How to make cherry tomato cake roll

How to make cherry tomato cake roll

With the development of modern society and the invention of many household appliances, cooking at home has become easier. However, it is found that many people do not know how to cook. Perhaps it is because of the pressure of life and work, and the rapid development of take-out catering, many people do not know how to enter the kitchen. Today I will introduce to you how to make cherry tomato cake roll.

1. Separate the egg white and yolk and beat them into two bowls (the bowl for the egg white should be free of water and oil).

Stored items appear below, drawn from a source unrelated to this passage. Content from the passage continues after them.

Let mulA : forall x y z, mul x (mul y z) = mul (mul x y) z.
Proof. by case: gT. Qed.
Let mul1g : forall x, mul one x = x.
Proof. by case: gT. Qed.
Let mulg1 : forall x, mul x one = x.
Proof. by case: gT. Qed.
Let mulVg : forall x, mul (inv x) x = one.
Proof. by case: gT. Qed.
Let mulgV : forall x, mul x (inv x) = one.
Proof. by case: gT. Qed.

Lemma grp_mulKg a b : mul (inv a) (mul a b) = b.
Proof. by rewrite mulA mulVg mul1g. Qed.

Lemma grp_mulKVg a b : mul a (mul (inv a) b) = b.
Proof. by rewrite mulA mulgV mul1g. Qed.

Lemma grp_inv_uniq x y : mul x y = one -> x = inv y.
Proof. by move=> e; rewrite -[x]mulg1 -(mulgV y) mulA e mul1g. Qed.

Lemma grp_invK a : inv (inv a) = a.
Proof. exact/esym/grp_inv_uniq. Qed.

Lemma grp_inv1 : inv one = one.
Proof. exact/esym/grp_inv_uniq. Qed.

Lemma grp_invM a b : inv (mul a b) = mul (inv b) (inv a).
Proof.
by apply/esym/grp_inv_uniq; rewrite -mulA (mulA (inv a)) mulVg mul1g mulVg.
Qed.

Variable H : set T.
Hypotheses (H1 : H one) (HM : forall a b, H a -> H b -> H (mul a b))
  (HV : forall a, H a -> H (inv a)).

Lemma grp_coset_eqP a b :
  [set mul a h | h in H] = [set mul b h | h in H] <-> H (mul (inv a) b).
Proof.
split=> [e|Hab].
  have : [set mul a h | h in H] b by rewrite e; exists one.
  by case=> h Hh <-; rewrite grp_mulKg.
apply/seteqP; split=> _ [h Hh <-].
  exists (mul (inv (mul (inv a) b)) h); first exact/HM/Hh/HV.
  by rewrite grp_invM grp_invK -mulA grp_mulKVg.
by exists (mul (mul (inv a) b) h); [exact: HM|rewrite -mulA grp_mulKVg].
Qed.

End GroupLaws.

Lemma within_continuous_comp_within (T U V : topologicalType) (A : set U)
    (B : set T) (f : T -> U) (g : U -> V) :
  {within A, continuous g} -> {within B, continuous f} ->
  (forall x, B x -> A (f x)) -> {within B, continuous (g \o f)}.
Proof.
move=> cg cf fBA; rewrite continuous_subspace_in => b /set_mem Bb.
have Afb := fBA _ Bb.
move: cg; rewrite continuous_subspace_in => /(_ (f b) (mem_set Afb)) cg.
move: cf; rewrite continuous_subspace_in => /(_ b (mem_set Bb)) cf.
move=> W /= Wn.
have HN : nbhs_subspace (f b) (g @^-1` W) := cg W Wn.
rewrite -(nbhs_subspace_in Afb) in HN.
have HM : nbhs_subspace b (f @^-1` [set y | A y -> W (g y)]) := cf _ HN.
rewrite -(nbhs_subspace_in Bb) in HM.
change (@nbhs_subspace _ B b ((g \o f) @^-1` W)).
rewrite -(nbhs_subspace_in Bb).
move: HM; rewrite /within /=; apply: (@filterS _ (nbhs b)) => z Hz Bz.
exact: Hz Bz (fBA _ Bz).
Qed.

Section ConnectedComponents.
Variable T : topologicalType.

Lemma connected_closure_between (A B : set T) :
  connected A -> A `<=` B -> B `<=` closure A -> connected B.
Proof.
move=> cA AB BclA U [z Uz] [V oV UV] [F cF UF].
have AUA : A `&` U = A.
  apply: cA.
  - have [Bz Vz] : (B `&` V) z by rewrite -UV.
    have [w [Aw Vw]] := BclA z Bz V (open_nbhs_nbhs (conj oV Vz)).
    by exists w; split => //; rewrite UV; split => //; exact: AB.
  - by exists V => //; rewrite UV setIA (setIidl AB).
  - by exists F => //; rewrite UF setIA (setIidl AB).
apply/seteqP; split=> [y|y By]; first by rewrite UV => -[].
rewrite UF; split => //.
have AF : A `<=` F by rewrite -AUA UF => w [_ []].
by rewrite ((closure_id F).1 cF); exact: closureS AF _ (BclA y By).
Qed.

Lemma connected_component_map (A : set T) (o : T) (m : T -> T) :
  continuous m -> (forall y, A y -> A (m y)) ->
  connected_component A o (m o) ->
  forall b, connected_component A o b -> connected_component A o (m b).
Proof.
move=> cm Am Kmo b Kb.
have Ao : A o by apply: contrapT => nAo; move: Kb; rewrite connected_component_out.
suff : (m @` connected_component A o `|` connected_component A o) `<=`
    connected_component A o by apply; left; exists b.
apply: connected_component_max.
- by right; exact: connected_component_refl.
- move=> y [[z Kz <-]|Ky]; last exact: connected_component_sub Ky.
  exact/Am/(connected_component_sub Kz).
- apply: connectedU; last exact: component_connected.
  + by exists (m o); split => //; exists o => //; exact: connected_component_refl.
  + apply: connected_continuous_connected; first exact: component_connected.
    exact: continuous_subspaceT.
Qed.

Lemma connected_component_clopen_sub (U : set T) z :
  clopen U -> U z -> connected_component [set: T] z `<=` U.
Proof.
move=> [oU cU] Uz.
have <- : connected_component [set: T] z `&` U = connected_component [set: T] z.
  apply: component_connected.
  - by exists z; split => //; exact: connected_component_refl.
  - by exists U.
  - by exists U.
by move=> y [].
Qed.

Lemma finite_components_open : finite_set (components T) ->
  forall z, open (connected_component [set: T] z).
Proof.
move=> fin z.
have -> : connected_component [set: T] z =
    ~` \bigcup_(Q in components T `\` [set connected_component [set: T] z]) Q.
  apply/seteqP; split.
    move=> y zy [Q [[w _ <-] nQ] wy]; apply: nQ.
    by rewrite /= (same_connected_component wy) (same_connected_component zy).
  move=> y ny; apply: contrapT => nzy; apply: ny.
  exists (connected_component [set: T] y); last exact: connected_component_refl.
  split; first by exists y.
  by move=> /= e; apply: nzy; rewrite -e; exact: connected_component_refl.
apply: closed_openC; apply: closed_bigcup; first exact: finite_setD.
by move=> _ [[w _ <-] _]; apply: component_closed; exact: closedT.
Qed.

(* With finitely many clopen sets, the intersection of those containing [z]
   is clopen and has no proper clopen subset containing [z], so it is the
   component of [z]. *)
Lemma finite_clopen_components : finite_set (@clopen T) ->
  finite_set (components T).
Proof.
move=> finClo; apply: (sub_finite_set _ finClo) => _ [z _ <-].
pose D := [set U | clopen U /\ U z].
pose Q := \bigcap_(U in D) U.
have DQ U : D U -> Q `<=` U by move=> DU y; apply.
have finD : finite_set D by apply: (sub_finite_set _ finClo) => U [].
have cQ : closed Q by apply: closed_bigI => U [[]].
have oQ : open Q.
  rewrite -[Q]setCK; apply: closed_openC; rewrite setC_bigcap.
  by apply: closed_bigcup => // U [[oU _] _]; exact: open_closedC.
have Qz : Q z by move=> U [].
suff -> : connected_component [set: T] z = Q by [].
apply/seteqP; split=> [y zy U [CU Uz]|].
  exact: connected_component_clopen_sub CU Uz _ zy.
apply: connected_component_max => // B [b Bb] [V oV BV] [F cF BF].
have BQ : B `<=` Q by rewrite BV => y [].
have CB : clopen B by split; [rewrite BV; exact: openI|rewrite BF; exact: closedI].
have [Bz|nBz] := pselect (B z); first by apply/seteqP; split => //; apply: DQ.
have : Q `<=` ~` B by apply: DQ; split => //; exact: clopenC.
by move=> /(_ b (BQ b Bb)).
Qed.

End ConnectedComponents.

Lemma locally_constant_continuous (X Y : topologicalType) (f : X -> Y) :
  (forall z, \forall y \near z, f y = f z) -> continuous f.
Proof. by move=> lc z; apply: cvg_near_cst; exact: lc. Qed.

Lemma component_constant_continuous (X Y : topologicalType) (f : X -> Y) :
  finite_set (components X) ->
  (forall z w, connected_component [set: X] z w -> f w = f z) -> continuous f.
Proof.
move=> fin fc; apply: locally_constant_continuous => z.
have : nbhs z (connected_component [set: X] z).
  apply: open_nbhs_nbhs; split; first exact: finite_components_open.
  exact: connected_component_refl.
by apply: filterS; exact: fc.
Qed.

Lemma clopen_if_continuous (X Y : topologicalType) (U : set X) (a b : Y) :
  clopen U -> continuous (fun z => if `[< U z >] then a else b).
Proof.
move=> [oU cU]; apply: locally_constant_continuous => z.
have [Uz|nUz] := pselect (U z).
  have : nbhs z U by exact: open_nbhs_nbhs.
  by apply: filterS => y Uy; rewrite !asboolT.
have : nbhs z (~` U) by apply: open_nbhs_nbhs; split => //; exact: closed_openC.
by apply: filterS => y Uy; rewrite !asboolF.
Qed.

Lemma ptws_continuous (T : topologicalType) (X : Type) (G : topologicalType)
    (F : T -> {ptws X -> G}) :
  (forall x, continuous (fun t => F t x)) -> continuous F.
Proof.
move=> cF t; apply/cvg_sup => i; apply/cvg_image.
  by apply/seteqP; split => // y _; exists (fun=> y).
move=> W /= Wn; exists [set g : {ptws X -> G} | W (g i)]; first exact: cF.
by apply/seteqP; split => [y [g Wg <-]//|y Wy]; exists (fun=> y).
Qed.

Lemma ptws_eval_continuous (X : eqType) (G : topologicalType) (x : X) :
  continuous (fun g : {ptws X -> G} => g x).
Proof. by move=> g W Wn; exact: (@proj_continuous X (fun=> G) x g W Wn). Qed.

Lemma ptws_nbhs_finite (X : choiceType) (G : topologicalType)
    (h : {ptws X -> G}) (N : set {ptws X -> G}) :
  nbhs h N -> exists s : seq X,
    forall g : {ptws X -> G}, (forall x, x \in s -> g x = h x) -> N g.
Proof.
move=> [P [[Q QfinP PQ] Ph] PN].
rewrite -PQ in Ph; case: Ph => V JV Vh.
have [L Lsub VL] := QfinP _ JV.
have hL M : M \in L -> M h by move=> ML; move: Vh; rewrite -VL; apply.
suff [s Hs] : exists s : seq X, forall g : {ptws X -> G},
    (forall x, x \in s -> g x = h x) -> forall M, M \in enum_fset L -> M g.
  exists s => g Hg; apply: PN; rewrite -PQ; exists V => //.
  by rewrite -VL; cbn => M ML; exact: Hs g Hg M ML.
have : forall M, M \in enum_fset L -> M \in L by [].
elim: (enum_fset L) => [|M l IH] HL; first by exists [::].
have [s Hs] : exists s : seq X, forall g : {ptws X -> G},
    (forall x, x \in s -> g x = h x) -> forall M, M \in l -> M g.
  by apply: IH => M0 M0l; apply: HL; rewrite inE M0l orbT.
have ML : M \in L by apply: HL; rewrite inE eqxx.
have /set_mem [i _ [A oA AM]] := Lsub _ ML.
exists (i :: s) => g Hg M0; rewrite inE => /orP[/eqP ->|M0l].
  rewrite -AM /= (Hg i); last by rewrite inE eqxx.
  by have := hL _ ML; rewrite -AM.
by apply: Hs => // x xs; apply: Hg; rewrite inE xs orbT.
Qed.

Lemma card_image_repr (T U : Type) (q : T -> U) (n : nat) (t0 : T) :
  (q @` setT #= `I_n)%card -> exists (e : T -> nat) (r : nat -> T),
  [/\ forall a, (e a < n)%N, forall a b, e a = e b <-> q a = q b &
      forall i, (i < n)%N -> e (r i) = i].
Proof.
move=> /pcard_eqP /bijPex [e be]; exists (fun a => e (q a)).
have /choice [r Hr] : forall i, exists a, (i < n)%N -> e (q a) = i.
  move=> i; case: (ltnP i n) => [lt|ge]; last by exists t0.
  have [Q [a _ <-] eQ] := set_bij_surj be (lt : `I_n i).
  by exists a.
exists r; split => // [a|a b].
  exact: (set_bij_homo be (imageP q I)).
split=> [eab|->//]; apply: (set_bij_inj be) => //; apply/mem_set; exact: imageP.
Qed.

Lemma card_setT_fin (T : finType) : ([set: T] #= `I_#|T|)%card.
Proof.
have -> : [set: T] = (@enum_val T predT) @` [set: 'I_#|T|].
  apply/seteqP; split => // x _; exists (enum_rank x) => //; exact: enum_rankK.
apply: card_eq_trans (card_esym card_II).
by apply: inj_card_eq => i j _ _; exact: enum_val_inj.
Qed.

Lemma convex1_in01 (R : realFieldType) (t a : R) :
  (0 <= t <= 1)%R -> (0 <= a <= 1)%R -> (0 <= 1 - t + t * a <= 1)%R.
Proof. by move=> /andP[t0 t1] /andP[a0 a1]; apply/andP; split; nra. Qed.

Lemma convex1_continuous (T : topologicalType) (R : numFieldType) (t a : T -> R) :
  continuous t -> continuous a -> continuous (fun z => 1 - t z + t z * a z)%R.
Proof.
move=> ct ca z.
have -> : (fun z => 1 - t z + t z * a z)%R = (cst 1 - t + t \* a)%R by [].
apply: continuousD; last by apply: continuousM; [exact: ct|exact: ca].
by apply: continuousB; [exact: cst_continuous|exact: ct].
Qed.

Section TopologicalGroup.
Variables (G : topologicalType) (mul : G -> G -> G) (inv : G -> G) (one : G).
Hypothesis tg : is_topological_group mul inv one.

Let gl : group_laws mul inv one.
Proof.
case: tg => mulA mul1 mulV _ _.
split=> [|x|x|x|x]; first exact: mulA.
- by case: (mul1 x).
- by case: (mul1 x).
- by case: (mulV x).
- by case: (mulV x).
Qed.
Let mulA : forall x y z, mul x (mul y z) = mul (mul x y) z.
Proof. by case: gl. Qed.
Let mul1g : forall x, mul one x = x.
Proof. by case: gl. Qed.
Let mulg1 : forall x, mul x one = x.
Proof. by case: gl. Qed.
Let mulVg : forall x, mul (inv x) x = one.
Proof. by case: gl. Qed.
Let mulgV : forall x, mul x (inv x) = one.
Proof. by case: gl. Qed.

Lemma continuous_gmul (T : topologicalType) (f g : T -> G) :
  continuous f -> continuous g -> continuous (fun x => mul (f x) (g x)).
Proof.
case: tg => _ _ _ mulc _ cf cg x.
apply: (@continuous2_cvg _ _ _ _ _ _ f g mul); last exact: cg.
  exact: mulc (f x, g x).
exact: cf.
Qed.

Lemma continuous_ginv (T : topologicalType) (f : T -> G) :
  continuous f -> continuous (fun x => inv (f x)).
Proof.
by case: tg => _ _ _ _ [invc _] cf x; apply: continuous_comp; [exact: cf|exact: invc].
Qed.

Local Notation C := (connected_component [set: G] one).

Lemma componentG1 : C one.
Proof. exact: connected_component_refl. Qed.

Lemma componentGM a b : C a -> C b -> C (mul a b).
Proof.
move=> Ca; apply: connected_component_map => //; last by rewrite mulg1.
by apply: continuous_gmul; [exact: cst_continuous|move=> ?; exact: cvg_id].
Qed.

Lemma componentGV a : C a -> C (inv a).
Proof.
apply: connected_component_map => //; last by rewrite (grp_inv1 gl); exact: componentG1.
by apply: continuous_ginv => ?; exact: cvg_id.
Qed.

Lemma component_coset_eqP a b :
  [set mul a h | h in C] = [set mul b h | h in C] <-> C (mul (inv a) b).
Proof. exact: (grp_coset_eqP gl componentG1 componentGM componentGV). Qed.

Add 8 grams of white sugar to the egg yolk.

2.121Stir well and add salad oil and stir well.

3.212 Stir well and add grape juice.

4.1 Add 30g sugar and tartar powder to the egg whites and beat with a whisk at low speed and then at high speed until small upright peaks appear.

5.2 Add the sifted flour and corn starch and mix well.

6.Chop the dried cherry tomatoes into small dices.

7. Pour it into the egg yolk paste and mix evenly.

8. Add 1/3 of the meringue to the remaining egg yolk mixture.

9. Stir evenly.

10. Pour it back into the remaining meringue.

11. Stir evenly and be careful not to destroy the bubbles.

12. Then pour the egg yolk cream into the baking tray (shake out the bubbles) and bake in the oven at 165 degrees for about 20-25 minutes.

13. After baking, turn it over onto a piece of wax paper, let it cool until it is warm, tear off the wax paper on the surface, and then cover it to prevent the surface from drying out. After it cools down, turn it over again, tear off the wax paper on top, use a knife to cut a few times on the surface of the cake, but don't cut it, and spread whipped cream on it.

14. Roll up and refrigerate to set.

The cherry tomato cake roll may seem complicated, but if you put your heart into it, you can make it in just a few tries. In addition, if you give yourself some special care every now and then, your mood will improve and you will naturally be healthier.